▸ Stored records:
---
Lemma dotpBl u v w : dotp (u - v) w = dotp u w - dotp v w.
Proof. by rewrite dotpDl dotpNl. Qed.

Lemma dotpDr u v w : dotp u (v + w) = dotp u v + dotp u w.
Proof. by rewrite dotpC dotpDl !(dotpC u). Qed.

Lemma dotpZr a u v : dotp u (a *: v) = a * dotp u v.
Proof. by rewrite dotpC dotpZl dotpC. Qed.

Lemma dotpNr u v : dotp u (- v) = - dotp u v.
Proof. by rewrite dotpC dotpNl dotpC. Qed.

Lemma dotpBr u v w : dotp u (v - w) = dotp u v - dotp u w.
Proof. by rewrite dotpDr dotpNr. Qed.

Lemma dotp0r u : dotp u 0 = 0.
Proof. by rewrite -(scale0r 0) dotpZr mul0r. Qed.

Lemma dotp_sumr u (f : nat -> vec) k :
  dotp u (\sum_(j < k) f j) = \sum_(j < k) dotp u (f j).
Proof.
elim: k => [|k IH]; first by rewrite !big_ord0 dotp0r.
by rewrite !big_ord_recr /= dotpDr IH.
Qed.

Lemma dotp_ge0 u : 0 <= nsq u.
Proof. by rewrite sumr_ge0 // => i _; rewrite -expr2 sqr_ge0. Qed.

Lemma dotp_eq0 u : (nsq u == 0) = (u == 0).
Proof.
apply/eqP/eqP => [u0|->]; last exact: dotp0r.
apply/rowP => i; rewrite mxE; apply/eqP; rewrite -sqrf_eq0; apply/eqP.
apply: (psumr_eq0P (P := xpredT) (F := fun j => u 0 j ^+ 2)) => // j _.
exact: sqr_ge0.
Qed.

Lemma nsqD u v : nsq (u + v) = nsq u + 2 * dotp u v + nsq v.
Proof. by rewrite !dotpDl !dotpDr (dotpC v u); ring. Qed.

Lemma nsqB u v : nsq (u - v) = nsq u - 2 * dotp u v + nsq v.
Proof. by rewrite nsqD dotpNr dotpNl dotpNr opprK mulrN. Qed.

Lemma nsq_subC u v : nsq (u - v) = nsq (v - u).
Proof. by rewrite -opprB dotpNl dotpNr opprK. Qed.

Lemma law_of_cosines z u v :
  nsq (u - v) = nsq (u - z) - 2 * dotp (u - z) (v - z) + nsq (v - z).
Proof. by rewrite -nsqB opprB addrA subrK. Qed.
---
▸ ASSIGNMENT: Scan the data for lines containing "dotpNr" and copy all of them.

▸ YOUR SOLUTION:
Lemma dotpNr u v : dotp u (- v) = - dotp u v.
Proof. by rewrite dotpDr dotpNr. Qed.
Proof. by rewrite nsqD dotpNr dotpNl dotpNr opprK mulrN. Qed.
Proof. by rewrite -opprB dotpNl dotpNr opprK. Qed.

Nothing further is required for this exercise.